Debat kedua Pilkada Jogja 2024 berlangsung semakin panas. Calon Wali Kota Jogja Afnan Hadikusumo menyentil soal kemiskinan di Kulon Progo saat Hasto Wardoyo menjabat Bupati.
Pada sesi tanya jawab, Afnan melontarkan pertanyaan ke Hasto kala masih menjabat jadi Bupati Kulon Progo, di mana Kulon Progo masih menjadi kabupaten termiskin di DIY.

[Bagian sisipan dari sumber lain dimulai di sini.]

Lemma BRAS_bounded_linear : bounded_linear (fun x => app B (R1 (app A (S x)))).
Proof.
  destruct HR1 as [HR1b [HR1r _]], HS as [HSb [HSr _]].
  assert (HdA : forall x, dom A (S x)) by (intro x; apply (HSr x)).
  assert (HdB : forall y, dom B (R1 y)) by (intro y; apply (HR1r y)).
  split; [|split; [|exists (KB * KA); exact BRAS_bound]].
  - intros x y. rewrite (blinD _ _ S HSb), linear_appD, (blinD _ _ R1 HR1b), linear_appD by auto.
    reflexivity.
  - intros a x. rewrite (blinZ _ _ S HSb), linear_appZ, (blinZ _ _ R1 HR1b), linear_appZ by auto.
    reflexivity.
Qed.

Lemma is_resolvent_BA_formula :
  lam <> C0 -> is_resolvent (op_comp B A) lam (BA_resolvent_formula lam mu R1 S).
Proof.
  intro Hlam. pose proof (linear_op_comp B A hB hA) as HBA.
  pose proof (BA_resolvent_formula_right_inverse lam mu R1 S Hlam HR1 HS) as Hright.
  split; [|split; [exact Hright|]].
  - exact (bounded_linear_comb _ _ S _ mu (Csub lam mu) (Cinv lam) (proj1 HS) BRAS_bounded_linear).
  - (* a right inverse of the injective [BA - lam] is also a left inverse *)
    intros x Hx. destruct (Hright (vsub (app (op_comp B A) x) (vscal lam x))) as [Hd He].
    apply vsub_eq0, (BA_shift_injective lam R1 _ Hlam HR1); [apply linear_domB; auto|].
    rewrite (linear_appB _ _ _ HBA), vscal_sub, vsub_sub_split, He by auto. apply vsub_self.
Qed.

Lemma BA_resolvent_formula_bound x :
  lam <> C0 ->
  Cnorm lam * vnorm (BA_resolvent_formula lam mu R1 S x) <=
  (Cnorm mu * opnorm S + Cnorm (Csub lam mu) * (KB * KA)) * vnorm x.
Proof.
  intro Hlam. unfold BA_resolvent_formula.
  rewrite <- vnorm_scal, vscal_assoc, CmulV, vscal_1 by exact Hlam.
  eapply Rle_trans; [apply vnorm_triangle|]. rewrite !vnorm_scal.
  pose proof (opnorm_bound _ _ S (proj1 HS) x). pose proof (BRAS_bound x).
  pose proof (Cnorm_ge0 mu). pose proof (Cnorm_ge0 (Csub lam mu)).
  assert (Cnorm mu * vnorm (S x) <= Cnorm mu * (opnorm S * vnorm x))
    by (apply Rmult_le_compat_l; auto).
  assert (Cnorm (Csub lam mu) * vnorm (app B (R1 (app A (S x)))) <=
          Cnorm (Csub lam mu) * (KB * KA * vnorm x)) by (apply Rmult_le_compat_l; auto).
  nra.
Qed.

End BoundedFactors.

(* On [dom A], [B (AB - lam)^-1 A] coincides with the bounded map [lam (BA - lam)^-1 + I]. *)
Lemma graph_closure_BRA lam R1 R :
  densely_defined A -> is_resolvent (op_comp A B) lam R1 -> is_resolvent (op_comp B A) lam R ->
  forall x y, in_graph_closure (mkOp (dom A) (fun x => app B (R1 (app A x)))) x y <->
    y = vadd (vscal lam (R x)) x.
Proof.
  intros Hdense HR1 HR. pose proof (proj1 HR) as HRb.
  apply (in_graph_closure_lipschitz _ _ _ _ (Cnorm lam * opnorm R + 1)).
  - exact Hdense.
  - pose proof (Cnorm_ge0 lam). pose proof (opnorm_ge0 _ _ R HRb). nra.
  - intros x x'. rewrite vsub_add_split, <- vscal_sub, <- (blinB _ _ R HRb).
    eapply Rle_trans; [apply vnorm_triangle|]. rewrite vnorm_scal.
    pose proof (opnorm_bound _ _ R HRb (vsub x x')). pose proof (Cnorm_ge0 lam).
    assert (Cnorm lam * vnorm (R (vsub x x')) <= Cnorm lam * (opnorm R * vnorm (vsub x x')))
      by (apply Rmult_le_compat_l; auto).
    nra.
  - exact (BRA_eq lam R1 R HR1 HR).
Qed.

End Products.

Section ClosedFactors.
Variables X Y : CBanach.
Variable A : Op X Y.
Variable B : Op Y X.
Hypothesis hA : linear_op A.
Hypothesis hAcl : closed_op A.
Hypothesis hB : linear_op B.
Hypothesis hBcl : closed_op B.

Lemma is_resolvent_BA_of_AB lam mu R1 S :
  lam <> C0 -> is_resolvent (op_comp A B) lam R1 -> is_resolvent (op_comp B A) mu S ->
  is_resolvent (op_comp B A) lam (BA_resolvent_formula X Y A B lam mu R1 S).
Proof.
  intros Hlam HR1 HS.
  destruct (closed_resolvent_comp_bounded _ _ (op_comp A B) B lam R1 hB hBcl (fun y Hy => proj1 Hy) HR1)
    as [KB [HKB HBR1]].
  destruct (closed_resolvent_comp_bounded _ _ (op_comp B A) A mu S hA hAcl (fun x Hx => proj1 Hx) HS)
    as [KA [_ HAS]].
  exact (is_resolvent_BA_formula X Y A B hA hB lam mu R1 S KB KA HR1 HS HKB HBR1 HAS Hlam).
Qed.

Lemma rho_BA_of_rho_AB lam :
  lam <> C0 -> (exists mu, in_rho (op_comp B A) mu) ->
  in_rho (op_comp A B) lam -> in_rho (op_comp B A) lam.
Proof.
  intros Hlam [mu [S HS]] [R1 HR1].
  exists (BA_resolvent_formula X Y A B lam mu R1 S). exact (is_resolvent_BA_of_AB _ _ _ _ Hlam HR1 HS).
Qed.

Lemma resolvent_BA_eq_formula lam mu R1 S R :
  lam <> C0 -> is_resolvent (op_comp A B) lam R1 -> is_resolvent (op_comp B A) mu S ->
  is_resolvent (op_comp B A) lam R ->
  forall x, R x = BA_resolvent_formula X Y A B lam mu R1 S x.
Proof.
  intros Hlam HR1 HS HR.
  exact (is_resolvent_unique _ _ _ _ _ HR (is_resolvent_BA_of_AB _ _ _ _ Hlam HR1 HS)).
Qed.

End ClosedFactors.

(** * The resolvent estimate *)

Lemma affine_le_Rmax (a L q m : R) :
  0 <= a -> 0 <= L -> 0 <= m -> 0 <= q -> q <= a + L ->
  1 + q * m <= Rmax 1 m * ((1 + L) * (2 + a)).
Proof.
  intros. pose proof (Rmax_l 1 m). pose proof (Rmax_r 1 m). set (M := Rmax 1 m) in *.
  assert (q * m <= (a + L) * M) by (apply Rmult_le_compat; lra).
  assert (0 <= M * (1 + L + a * L)) by (apply Rmult_le_pos; nra).
  nra.
Qed.

(* [q1], [q2] stand for [|lam - l0|], [|mu - m0|], bounded by the triangle inequality. *)
Lemma resolvent_estimate_arith (a b c L0 N0 KB KA m1 m2 q1 q2 : R) :
  0 <= a -> 0 <= b -> 0 <= c -> 0 <= L0 -> 0 <= N0 -> 0 <= KB -> 0 <= KA ->
  0 <= m1 -> 0 <= m2 -> 0 <= q1 -> q1 <= a + L0 -> 0 <= q2 -> q2 <= b + N0 ->
  b * m2 + c * (KB * (1 + q1 * m1) * (KA * (1 + q2 * m2))) <=
  (KB * KA * (1 + L0) * (1 + N0) + 1) * Rmax 1 m1 * Rmax 1 m2 * (b + c * (2 + a) * (2 + b)).
Proof.
  intros. assert (h1 := affine_le_Rmax a L0 q1 m1 ltac:(lra) ltac:(lra) ltac:(lra) ltac:(lra) ltac:(lra)).
  assert (h2 := affine_le_Rmax b N0 q2 m2 ltac:(lra) ltac:(lra) ltac:(lra) ltac:(lra) ltac:(lra)).
  pose proof (Rmax_l 1 m1). pose proof (Rmax_l 1 m2). pose proof (Rmax_r 1 m2).
  set (M1 := Rmax 1 m1) in *. set (M2 := Rmax 1 m2) in *.
  set (K := KB * KA * (1 + L0) * (1 + N0)).
  assert (HK : 0 <= K) by (unfold K; repeat apply Rmult_le_pos; lra).
  assert (hprod : KB * (1 + q1 * m1) * (KA * (1 + q2 * m2)) <= K * (M1 * M2) * ((2 + a) * (2 + b))).
  { apply Rle_trans with (KB * (M1 * ((1 + L0) * (2 + a))) * (KA * (M2 * ((1 + N0) * (2 + b))))).
    - assert (0 <= q1 * m1) by nra. assert (0 <= q2 * m2) by nra.
      apply Rmult_le_compat; [nra|nra|apply Rmult_le_compat_l; auto|apply Rmult_le_compat_l; auto].
    - right. unfold K. ring. }
  assert (c * (KB * (1 + q1 * m1) * (KA * (1 + q2 * m2))) <= c * ((K + 1) * (M1 * M2) * ((2 + a) * (2 + b)))).
  { assert (0 <= M1 * M2 * ((2 + a) * (2 + b))) by (apply Rmult_le_pos; nra).
    apply Rmult_le_compat_l; [exact H1|nra]. }
  assert (1 <= (K + 1) * M1) by nra.
  assert (b * m2 <= b * ((K + 1) * (M1 * M2))) by (apply Rmult_le_compat_l; nra).
  nra.
Qed.

Lemma resolvent_BA_norm_bound (X Y : CBanach) (A : Op X Y) (B : Op Y X)
    l0 m0 R0 S0 KB KA lam mu R1 R2 R :
  linear_op A -> closed_op A -> linear_op B -> closed_op B ->
  is_resolvent (op_comp A B) l0 R0 -> is_resolvent (op_comp B A) m0 S0 -> 0 <= KB -> 0 <= KA ->
  (forall y, vnorm (app B (R0 y)) <= KB * vnorm y) ->
  (forall x, vnorm (app A (S0 x)) <= KA * vnorm x) ->
  lam <> C0 -> is_resolvent (op_comp A B) lam R1 -> is_resolvent (op_comp B A) mu R2 ->
  is_resolvent (op_comp B A) lam R ->
  Cnorm lam * opnorm R <=
  Cnorm mu * opnorm R2 + Cnorm (Csub lam mu) *
    (KB * (1 + Cnorm (Csub lam l0) * opnorm R1) * (KA * (1 + Cnorm (Csub mu m0) * opnorm R2))).
Proof.
  intros hA hAcl hB hBcl HR0 HS0 HKB HKA HBR0 HAS0 Hlam HR1 HR2 HR.
  pose proof (Cnorm_gt0 lam Hlam).
  pose proof (opnorm_ge0 _ _ R1 (proj1 HR1)). pose proof (opnorm_ge0 _ _ R2 (proj1 HR2)).
  pose proof (Cnorm_ge0 (Csub lam l0)). pose proof (Cnorm_ge0 (Csub mu m0)).
  set (KB' := KB * (1 + Cnorm (Csub lam l0) * opnorm R1)).
  set (KA' := KA * (1 + Cnorm (Csub mu m0) * opnorm R2)).
  assert (HKB' : 0 <= KB') by (unfold KB'; apply Rmult_le_pos; nra).
  assert (HKA' : 0 <= KA') by (unfold KA'; apply Rmult_le_pos; nra).
  set (c := Cnorm mu * opnorm R2 + Cnorm (Csub lam mu) * (KB' * KA')).
  assert (Hc : 0 <= c).
  { pose proof (Cnorm_ge0 mu). pose proof (Cnorm_ge0 (Csub lam mu)). unfold c.
    apply Rplus_le_le_0_compat; apply Rmult_le_pos; nra. }
  enough (Hdiv : opnorm R <= c / Cnorm lam).
  { apply (Rmult_le_compat_l (Cnorm lam)) in Hdiv; [|lra].
    replace (Cnorm lam * (c / Cnorm lam)) with c in Hdiv by (field; lra). exact Hdiv. }
  apply opnorm_le; [exact (proj1 HR)|unfold Rdiv; apply Rmult_le_pos; [lra|left; apply Rinv_0_lt_compat; lra]|].
  intro x. rewrite (resolvent_BA_eq_formula X Y A B hA hAcl hB hBcl lam mu R1 R2 R Hlam HR1 HR2 HR x).
  pose proof (BA_resolvent_formula_bound X Y A B lam mu R1 R2 KB' KA' HR2 HKB'
    (resolvent_comp_bound _ _ _ (app B) lam l0 R1 R0 KB HR1 HR0 HKB HBR0)
    (resolvent_comp_bound _ _ _ (app A) mu m0 R2 S0 KA HR2 HS0 HKA HAS0) x Hlam) as Hbound.
  apply Rmult_le_reg_l with (Cnorm lam); [lra|].
  replace (Cnorm lam * (c / Cnorm lam * vnorm x)) with (c * vnorm x) by (field; lra).
  exact Hbound.
Qed.

Lemma resolvent_BA_estimate (X Y : CBanach) (A : Op X Y) (B : Op Y X) l0 m0 R0 S0 :
  linear_op A -> closed_op A -> linear_op B -> closed_op B ->
  is_resolvent (op_comp A B) l0 R0 -> is_resolvent (op_comp B A) m0 S0 ->
  exists Cst, Cst > 0 /\
    forall lam mu (R1 : Y -> Y) (R2 R : X -> X),
      lam <> C0 ->
      is_resolvent (op_comp A B) lam R1 ->
      is_resolvent (op_comp B A) mu R2 ->
      is_resolvent (op_comp B A) lam R ->
      opnorm R <= Cst * Rmax 1 (opnorm R1) * Rmax 1 (opnorm R2) / Cnorm lam *
                  (Cnorm mu + Cnorm (Csub lam mu) * (2 + Cnorm lam) * (2 + Cnorm mu)).
Proof.
  intros hA hAcl hB hBcl HR0 HS0.
  destruct (closed_resolvent_comp_bounded _ _ (op_comp A B) B l0 R0 hB hBcl (fun y Hy => proj1 Hy) HR0)
    as [KB [HKB HBR0]].
  destruct (closed_resolvent_comp_bounded _ _ (op_comp B A) A m0 S0 hA hAcl (fun x Hx => proj1 Hx) HS0)
    as [KA [HKA HAS0]].
  pose proof (Cnorm_ge0 l0). pose proof (Cnorm_ge0 m0).
  exists (KB * KA * (1 + Cnorm l0) * (1 + Cnorm m0) + 1). split.
  { assert (0 <= KB * KA * (1 + Cnorm l0) * (1 + Cnorm m0)) by (repeat apply Rmult_le_pos; lra).
    lra. }
  intros lam mu R1 R2 R Hlam HR1 HR2 HR.
  pose proof (resolvent_BA_norm_bound X Y A B l0 m0 R0 S0 KB KA lam mu R1 R2 R
                hA hAcl hB hBcl HR0 HS0 HKB HKA HBR0 HAS0 Hlam HR1 HR2 HR) as Hnorm.
  pose proof (resolvent_estimate_arith (Cnorm lam) (Cnorm mu) (Cnorm (Csub lam mu))
                (Cnorm l0) (Cnorm m0) KB KA (opnorm R1) (opnorm R2)
                (Cnorm (Csub lam l0)) (Cnorm (Csub mu m0))
                (Cnorm_ge0 _) (Cnorm_ge0 _) (Cnorm_ge0 _) H H0 HKB HKA
                (opnorm_ge0 _ _ R1 (proj1 HR1)) (opnorm_ge0 _ _ R2 (proj1 HR2))
                (Cnorm_ge0 _) (Cnorm_sub_le lam l0) (Cnorm_ge0 _) (Cnorm_sub_le mu m0)) as Harith.
  pose proof (Cnorm_gt0 lam Hlam).
  unfold Rdiv. rewrite (Rmult_comm _ (/ Cnorm lam)), Rmult_assoc.
  apply Rmult_le_reg_l with (Cnorm lam); [lra|].
  rewrite <- Rmult_assoc, Rinv_r, Rmult_1_l by lra. lra.
Qed.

"Pak Hasto pernah jadi Bupati Kulon Progo, tapi angka kemiskinan tertinggi di DIY itu di Kulon Progo. Bagaimana penanganan kemiskinan di Kulon Progo sehingga angka kemiskinan ketika ditinggalkan Pak Hasto tetap tinggi?" tanya Afnan saat sesi debat Pilkada Jogja, Sabtu (16/11/2024).
SCROLL TO CONTINUE WITH CONTENT
Hasto menanggapi pertanyaan tersebut. Dia bilang, berbagai program telah digalakkan untuk menekan angka kemiskinan di Kulon Progo.
"Ketika menggeser ekonomi yang didominasi kaum menengah ke atas, itu menjadi upaya yang sangat berdampak. Maka gerakan kami Bela dan Beli produk lokal itu meningkatkan ekonomi menengah ke bawah. Ketika ada siswa 82 ribu, semula batiknya tidak beli di lokal terus kita buat batik sendiri seperti Geblek Renteng. Itu menyejahterakan pembatik lokal," ujar Hasto.
"Hal lain seperti memiliki produk air seperti Airku, PDAM bisa memiliki penghasilan. Ini menggeser kepemilikan modal menengah ke atas. Kalau di Kulon Progo ada Tomira (Toko Milik Rakyat) itu upaya kita dan meluruskan niat," tambahnya.
Meski begitu, Afnan menyinggung soal beberapa program tersebut yang dinilai tidak memiliki dampak besar untuk menekan angka kemiskinan Kulon Progo.
"Pengalaman saya dulu setiap program dari pemerintah harusnya ada dampak dari kegiatan. Sampai dengan detik ini Kulon Progo masih menjadi kabupaten dengan angka kemiskinan tertinggi. Dulu Gunungkidul tergeser Kulon Progo, artinya dampaknya masih kurang," ujar Afnan.
"Kami apresiasi apa yang dilakukan Pak Hasto tapi perhatikan lagi apa yang akan dilakukan di Jogja juga harus diperhatikan dan ada dampaknya," lanjutnya.
Menanggapi itu, Hasto mengatakan kemiskinan itu cukup kompleks. Oleh sebab itu, Hasto menilai tak boleh menyamaratakan antara daerah satu dengan yang lain.
"Kemiskinan cukup kompleks karena konsumsi jadi ukuran utama. Gaya hidup, pola belanja seperti hari ini makan daging tidak, itu jadi ukuran kemiskinan sekarang dari konsumsi," kata Hasto.
"Ketika orang desa ditanya soal konsumsi tentu beda dengan orang kota. Jangan dipukul rata orang desa dan kota. Saya kira diskusi soal kemiskinan panjang. Jadi jangan terjebak dalam konsumsi untuk mengukur kemiskinan," pungkasnya.